Only an exact repetition of the entries will do.

Stored data
BEGIN

Lemma phi_fuel_irrel n m v :
  (Z.to_nat (Z.abs (snd v)) <= n)%nat -> (Z.to_nat (Z.abs (snd v)) <= m)%nat ->
  phi_fuel n v = phi_fuel m v.
Proof.
  revert m v; induction n as [|n IH]; intros [|m] v Hn Hm; simpl; try reflexivity.
  - destruct (Z.leb_spec 2 (Z.abs (snd v))); [lia | reflexivity].
  - destruct (Z.leb_spec 2 (Z.abs (snd v))); [lia | reflexivity].
  - destruct (Z.leb_spec 2 (Z.abs (snd v))) as [Hv | _]; [|reflexivity].
    destruct (parents_snd_lt v Hv) as [H1 [H2 H3]].
    rewrite !(IH m) by lia; reflexivity.
Qed.

Lemma phi_fuel_eq n v :
  (Z.to_nat (Z.abs (snd v)) <= n)%nat -> phi_fuel n v = phi v.
Proof. intros Hn; exact (phi_fuel_irrel n _ v Hn (le_n _)). Qed.

Lemma phi_unfold v : (2 <= Z.abs (snd v))%Z ->
  phi v = colour_const (zcolor v)
          - phi (fst (parents v)) * phi (snd (parents v))
          - phi (zsub (fst (parents v)) (snd (parents v))).
Proof.
  intros Hv; destruct (parents_snd_lt v Hv) as [H1 [H2 H3]].
  unfold phi at 1; destruct (Z.to_nat (Z.abs (snd v))) as [|n] eqn:En; [lia|]; simpl.
  destruct (Z.leb_spec 2 (Z.abs (snd v))); [|lia].
  rewrite !phi_fuel_eq by lia; reflexivity.
Qed.

Lemma phi_base v : (Z.abs (snd v) <= 1)%Z -> phi v = base_value v.
Proof.
  intros Hv; unfold phi; destruct (Z.to_nat (Z.abs (snd v))); simpl; [reflexivity|].
  destruct (Z.leb_spec 2 (Z.abs (snd v))); [lia | reflexivity].
Qed.

Lemma phi_chain a e : Z.abs e = 1%Z -> phi (a, e) = chain (a * e).
Proof.
  intros He; rewrite phi_base by (simpl; lia); unfold base_value; simpl.
  destruct (Z.eqb_spec e 0); [lia | reflexivity].
Qed.

Lemma phi_axis a : phi (a, 0%Z) = 0.
Proof. rewrite phi_base by (simpl; lia); reflexivity. Qed.

Lemma phi_zopp v : phi (zopp v) = phi v.
Proof.
  remember (Z.to_nat (Z.abs (snd v))) as n eqn:Hn; revert v Hn.
  induction n as [n IH] using lt_wf_ind; intros v Hn.
  assert (IH' : forall w, (Z.abs (snd w) < Z.abs (snd v))%Z -> phi (zopp w) = phi w)
    by (intros w Hw; apply (IH (Z.to_nat (Z.abs (snd w)))); lia).
  destruct (Z_le_gt_dec (Z.abs (snd v)) 1) as [Hv | Hv].
  - rewrite !phi_base by (zexpand; lia).
    destruct v as [a b]; unfold base_value, zopp; simpl.
    replace (- a * - b)%Z with (a * b)%Z by ring.
    destruct (Z.eqb_spec b 0), (Z.eqb_spec (- b) 0); reflexivity || lia.
  - rewrite (phi_unfold (zopp v)), (phi_unfold v), zcolor_zopp by (zexpand; lia).
    destruct (parents_snd_lt v ltac:(lia)) as [H1 [H2 H3]].
    destruct (parents_cases v) as [Hp | [Ep Hnone]].
    + destruct (parents_cases (zopp v)) as [Hp' | [_ Hnone']];
        [| now destruct (Hnone' _ _ (is_parents_zopp _ _ _ Hp))].
      destruct (is_parents_unique _ _ _ _ _ (is_parents_zopp _ _ _ Hp) Hp') as [[-> ->] | [-> ->]].
      * rewrite zsub_zopp, !IH' by auto; reflexivity.
      * rewrite (zsub_anticomm (zopp _)), zsub_zopp, zopp_involutive, !IH' by auto; ring.
    + destruct (parents_cases (zopp v)) as [Hp' | [Ep' _]].
      * pose proof (is_parents_zopp _ _ _ Hp') as H; rewrite zopp_involutive in H.
        now destruct (Hnone _ _ H).
      * now rewrite Ep, Ep'.
Qed.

END

Your response
Lemma phi_fuel_irrel n m v :
  (Z.to_nat (Z.abs (snd v)) <= n)%nat -> (Z.to_nat (Z.abs (snd v)) <= m)%nat ->
  phi_fuel n v = phi_fuel m v.
Proof.
  revert m v; induction n as [|n IH]; intros [|m] v Hn Hm; simpl; try reflexivity.
  - destruct (Z.leb_spec 2 (Z.abs (snd v))); [lia | reflexivity].
  - destruct (Z.leb_spec 2 (Z.abs (snd v))); [lia | reflexivity].
  - destruct (Z.leb_spec 2 (Z.abs (snd v))) as [Hv | _]; [|reflexivity].
    destruct (parents_snd_lt v Hv) as [H1 [H2 H3]].
    rewrite !(IH m) by lia; reflexivity.
Qed.

Lemma phi_fuel_eq n v :
  (Z.to_nat (Z.abs (snd v)) <= n)%nat -> phi_fuel n v = phi v.
Proof. intros Hn; exact (phi_fuel_irrel n _ v Hn (le_n _)). Qed.

Lemma phi_unfold v : (2 <= Z.abs (snd v))%Z ->
  phi v = colour_const (zcolor v)
          - phi (fst (parents v)) * phi (snd (parents v))
          - phi (zsub (fst (parents v)) (snd (parents v))).
Proof.
  intros Hv; destruct (parents_snd_lt v Hv) as [H1 [H2 H3]].
  unfold phi at 1; destruct (Z.to_nat (Z.abs (snd v))) as [|n] eqn:En; [lia|]; simpl.
  destruct (Z.leb_spec 2 (Z.abs (snd v))); [|lia].
  rewrite !phi_fuel_eq by lia; reflexivity.
Qed.

Lemma phi_base v : (Z.abs (snd v) <= 1)%Z -> phi v = base_value v.
Proof.
  intros Hv; unfold phi; destruct (Z.to_nat (Z.abs (snd v))); simpl; [reflexivity|].
  destruct (Z.leb_spec 2 (Z.abs (snd v))); [lia | reflexivity].
Qed.

Lemma phi_chain a e : Z.abs e = 1%Z -> phi (a, e) = chain (a * e).
Proof.
  intros He; rewrite phi_base by (simpl; lia); unfold base_value; simpl.
  destruct (Z.eqb_spec e 0); [lia | reflexivity].
Qed.

Lemma phi_axis a : phi (a, 0%Z) = 0.
Proof. rewrite phi_base by (simpl; lia); reflexivity. Qed.

Lemma phi_zopp v : phi (zopp v) = phi v.
Proof.
  remember (Z.to_nat (Z.abs (snd v))) as n eqn:Hn; revert v Hn.
  induction n as [n IH] using lt_wf_ind; intros v Hn.
  assert (IH' : forall w, (Z.abs (snd w) < Z.abs (snd v))%Z -> phi (zopp w) = phi w)
    by (intros w Hw; apply (IH (Z.to_nat (Z.abs (snd w)))); lia).
  destruct (Z_le_gt_dec (Z.abs (snd v)) 1) as [Hv | Hv].
  - rewrite !phi_base by (zexpand; lia).
    destruct v as [a b]; unfold base_value, zopp; simpl.
    replace (- a * - b)%Z with (a * b)%Z by ring.
    destruct (Z.eqb_spec b 0), (Z.eqb_spec (- b) 0); reflexivity || lia.
  - rewrite (phi_unfold (zopp v)), (phi_unfold v), zcolor_zopp by (zexpand; lia).
    destruct (parents_snd_lt v ltac:(lia)) as [H1 [H2 H3]].
    destruct (parents_cases v) as [Hp | [Ep Hnone]].
    + destruct (parents_cases (zopp v)) as [Hp' | [_ Hnone']];
        [| now destruct (Hnone' _ _ (is_parents_zopp _ _ _ Hp))].
      destruct (is_parents_unique _ _ _ _ _ (is_parents_zopp _ _ _ Hp) Hp') as [[-> ->] | [-> ->]].
      * rewrite zsub_zopp, !IH' by auto; reflexivity.
      * rewrite (zsub_anticomm (zopp _)), zsub_zopp, zopp_involutive, !IH' by auto; ring.
    + destruct (parents_cases (zopp v)) as [Hp' | [Ep' _]].
      * pose proof (is_parents_zopp _ _ _ Hp') as H; rewrite zopp_involutive in H.
        now destruct (Hnone _ _ H).
      * now rewrite Ep, Ep'.
Qed.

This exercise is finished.